In many cases, the attachment to what ended is related to a strong ideal of reconquest. Or revenge, no matter how little you want the person who did you wrong. To recover the motivation to live with peace and true love, it is necessary to understand that obsession with someone is a sign of low self-esteem.

to regain energy and motivation to live with peace and true love, it is necessary to realize that obsession with someone is a sign of low self-esteem.

The person who gets to the point of lowering himself for another is clearly far removed from himself, annulling his own strength. Whether out of true affection, out of habit to what has been lost or even out of fear of the future, emotional attachment is a sign of selfishness and unpreparedness to deal with love itself.

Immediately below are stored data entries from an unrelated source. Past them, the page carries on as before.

Lemma degsum_split (C S : {set T}) : C \subset S ->
  (forall x y, x \in C -> y \in S -> e x y -> y \in C) ->
  degsum S = degsum C + degsum (S :\: C).
Proof.
move=> CS closedC; rewrite /degsum (big_setID C) /= (setIidPr CS).
congr (_ + _); apply: eq_bigr => x xC; apply: eq_card => y; rewrite !inE.
  case exy: (e x y); rewrite ?andbF ?andbT //.
  by apply/idP/idP => [yS|/(subsetP CS)//]; exact: closedC xC yS exy.
case exy: (e x y); rewrite ?andbF ?andbT //.
case yC: (y \in C) => //=; move: xC; rewrite inE => /andP[/negP xC xS].
by case: xC; apply: closedC yC xS _; rewrite e_sym.
Qed.

Lemma degsum_le (S : {set T}) m :
  (forall x, x \in S -> #|nbhd x S| <= m) -> degsum S <= m * #|S|.
Proof.
move=> hm; rewrite /degsum -sum1_card big_distrr /= muln1.
exact: leq_sum.
Qed.

Lemma spath_cons (S : {set T}) w a t : spath S (a :: t) ->
  w \in S -> w \notin a :: t -> e w a -> spath S (w :: a :: t).
Proof.
case/and3P=> us sS es wS ws ewa; apply/and3P; split.
- by rewrite cons_uniq ws us.
- by rewrite /= wS.
- by rewrite /= ewa; exact: es.
Qed.

Lemma spath_rcons (S : {set T}) a t w : spath S (a :: t) ->
  w \in S -> w \notin a :: t -> e (last a t) w -> spath S (rcons (a :: t) w).
Proof.
case/and3P=> us sS es wS ws ebw; apply/and3P; split.
- by rewrite rcons_uniq ws us.
- by rewrite all_rcons wS.
- by rewrite /= rcons_path ebw andbT.
Qed.

Section LongestPath.
Variables (S : {set T}) (a : T) (t : seq T).
Hypothesis a_t_spath : spath S (a :: t).
Hypothesis a_t_longest : forall s, spath S s -> size s <= (size t).+1.

Lemma nbhd_head_longest : {subset nbhd a S <= a :: t}.
Proof.
move=> w; rewrite inE => /andP[wS eaw]; apply/negPn/negP => wt.
have := a_t_longest (spath_cons a_t_spath wS wt _); rewrite e_sym eaw.
by rewrite /= ltnn => /(_ isT).
Qed.

Lemma nbhd_last_longest : {subset nbhd (last a t) S <= a :: t}.
Proof.
move=> w; rewrite inE => /andP[wS ebw]; apply/negPn/negP => wt.
have := a_t_longest (spath_rcons a_t_spath wS wt ebw).
by rewrite size_rcons ltnn.
Qed.

End LongestPath.

Lemma card_nbhd_le_count x (S : {set T}) s :
  uniq s -> {subset nbhd x S <= s} -> #|nbhd x S| <= count (e x) s.
Proof.
move=> us sub; rewrite -size_filter; have /card_uniqP <- := filter_uniq (e x) us.
apply: subset_leq_card; apply/subsetP => y yN.
by rewrite mem_filter sub // andbT; move: yN; rewrite inE => /andP[].
Qed.

Lemma count_adj_head a t :
  count (e a) (a :: t) = count (fun i => e a (nth a t i)) (iota 0 (size t)).
Proof. by rewrite /= e_irr add0n -{1}(mkseq_nth a t) count_map. Qed.

Lemma count_adj_last a t : count (e (last a t)) (a :: t) =
  count (fun i => e (last a t) (nth a (a :: t) i)) (iota 0 (size t)).
Proof.
rewrite [a :: t]lastI -(size_belast a t); set b := last a t; set u := belast a t.
have -> : count (e b) (rcons u b) = count (e b) u.
  by rewrite -cats1 count_cat /= e_irr !addn0.
rewrite -{1}(mkseq_nth a u) count_map.
by apply: eq_in_count => i; rewrite mem_iota nth_rcons => /andP[_ ->].
Qed.

(* Pigeonhole: the neighbours of the two ends of a path are too many to
   avoid a crossing pair of chords [a ~ s_(i+1)], [s_i ~ b]. *)
Lemma chord_crossing a t :
  (size t).+1 <= count (e a) (a :: t) + count (e (last a t)) (a :: t) ->
  exists2 i, i < size t & e a (nth a t i) && e (last a t) (nth a (a :: t) i).
Proof.
rewrite count_adj_head count_adj_last -count_predUI => hcount.
have := count_size (predU (fun i => e a (nth a t i))
  (fun i => e (last a t) (nth a (a :: t) i))) (iota 0 (size t)).
rewrite size_iota => hU.
have : has (predI (fun i => e a (nth a t i))
  (fun i => e (last a t) (nth a (a :: t) i))) (iota 0 (size t)).
  by rewrite has_count; lia.
by case/hasP => i; rewrite mem_iota => /andP[_ hi] hi'; exists i.
Qed.

Lemma cycle_cat_rev x0 s1 s2 : s1 != [::] -> s2 != [::] ->
  sorted e (s1 ++ s2) -> e (head x0 s1) (head x0 s2) ->
  e (last x0 s1) (last x0 s2) -> cycle e (s1 ++ rev s2).
Proof.
case: s1 => [|a t1] // _; case: s2 => [|c t2] // _ /=.
rewrite cat_path => /andP[p1 /= /andP[_ p2]] hac hl.
rewrite rcons_path cat_path last_cat p1 /= rev_cons last_rcons e_sym hac andbT.
rewrite -rev_cons (lastI c t2) rev_rcons /= hl rev_path.
by rewrite (@eq_path _ _ e) // => u w; rewrite e_sym.
Qed.

Lemma cycle_extend_spath (S : {set T}) c z y :
  cycle e c -> uniq c -> all (fun x => x \in S) c ->
  z \in c -> y \in S -> y \notin c -> e y z ->
  exists2 s, spath S s & size s = (size c).+1.
Proof.
move=> cyc uc cS zc yS yc eyz; exists (y :: rot (index z c) c); last first.
  by rewrite /= size_rot.
have hr : rot (index z c) c = z :: (drop (index z c).+1 c ++ take (index z c) c).
  by rewrite /rot (drop_nth z) ?index_mem // nth_index.
apply/and3P; split.
- by rewrite cons_uniq mem_rot yc rot_uniq.
- by rewrite /= yS; apply/allP => x; rewrite mem_rot; exact: (allP cS).
- move: cyc; rewrite -(rot_cycle (index z c)) hr /= rcons_path eyz.
  by case/andP.
Qed.

(* If every vertex of [S] has degree at least [m/2] and a longest path has at
   most [m] vertices, its ends carry crossing chords, giving a cycle through
   all its vertices; a neighbour outside would then extend it to a longer
   path. *)
Lemma longest_spath_closed (S : {set T}) m a t :
  (forall v, v \in S -> m <= 2 * #|nbhd v S|) ->
  spath S (a :: t) -> (size t).+1 <= m ->
  (forall s, spath S s -> size s <= (size t).+1) ->
  forall z y, z \in a :: t -> y \in S -> e z y -> y \in a :: t.
Proof.
move=> hdeg sp sm smax z y zs yS ezy; apply/negPn/negP => ys.
have /and3P[us sS es] := sp.
have aS : a \in S by apply: (allP sS); exact: mem_head.
have bS : last a t \in S by apply: (allP sS); exact: mem_last.
have [i it /andP[ea eb]] : exists2 i, i < size t &
    e a (nth a t i) && e (last a t) (nth a (a :: t) i).
  apply: chord_crossing.
  have := card_nbhd_le_count us (nbhd_head_longest sp smax).
  have := card_nbhd_le_count us (nbhd_last_longest sp smax).
  have := hdeg a aS; have := hdeg _ bS; lia.
set s1 := take i.+1 (a :: t); set s2 := drop i.+1 (a :: t).
have s12 : s1 ++ s2 = a :: t by rewrite cat_take_drop.
have s2_neq_nil : s2 != [::] by rewrite -size_eq0 size_drop /=; lia.
have cyc : cycle e (s1 ++ rev s2).
  apply: (cycle_cat_rev (x0 := a)) => //; first by rewrite s12.
    by rewrite /s2 /= -nth0 nth_drop addn0.
  rewrite -nth_last size_takel /= ?ltnS 1?ltnW // nth_take // e_sym.
  have : last a (s1 ++ s2) = last a t by rewrite s12.
  by rewrite last_cat; case: (s2) s2_neq_nil => [|c t2] //= _ ->.
have hperm : perm_eq (s1 ++ rev s2) (a :: t).
  by rewrite -[X in perm_eq _ X]s12 perm_cat2l perm_rev.
have [s' sp' sz'] : exists2 s', spath S s' & size s' = (size (s1 ++ rev s2)).+1.
  apply: (cycle_extend_spath (z := z)) cyc _ _ _ yS _ _.
  - by rewrite (perm_uniq hperm).
  - by rewrite (perm_all _ hperm).
  - by rewrite (perm_mem hperm).
  - by rewrite (perm_mem hperm).
  - by rewrite e_sym.
by have := smax _ sp'; rewrite sz' (perm_size hperm) ltnn.
Qed.

Lemma exists_longest_spath (S : {set T}) l a : a \in S ->
  (forall s, spath S s -> size s < l) ->
  exists b t, spath S (b :: t) /\ forall s, spath S s -> size s <= (size t).+1.
Proof.
move=> aS hl.
pose P m := [exists s : m.-tuple T, spath S s].
have spa : spath S [:: a] by rewrite /spath /= aS.
have P1 : P 1 by apply/existsP; exists [tuple a].
have Pl m : P m -> m <= l by case/existsP => s /hl; rewrite size_tuple => /ltnW.
case: (ex_maxnP (ex_intro _ 1 P1) Pl) => m /existsP[s sp] maxm.
have longest s' : spath S s' -> size s' <= size s.
  by move=> sp'; rewrite size_tuple; apply: maxm; apply/existsP; exists (in_tuple s').
case: s sp longest => -[|b t] /= sz sp longest.
  by have := longest _ spa.
by exists b, t.
Qed.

In the face of emotional indignation, the important thing is that it is possible to leave the state of pure sadness and assume a calm posture in relation to what will come. No pain lasts forever. What’s more, the future tends to be better than we think. That’s why it’s good to take into account that self-esteem defines our destiny.

The degree of courage and acceptance of life reconfigures the chosen path and also the imposed circumstances. But the pain of lost love can last for a long time if we don’t put an end to it. An attitude open to the new is essential to attract more serene and sensible relationships.

That is why it is essential to respect our limits and our needs. When we learn to measure words and attitudes, it will be possible to revitalize the heart with frequency and excellence.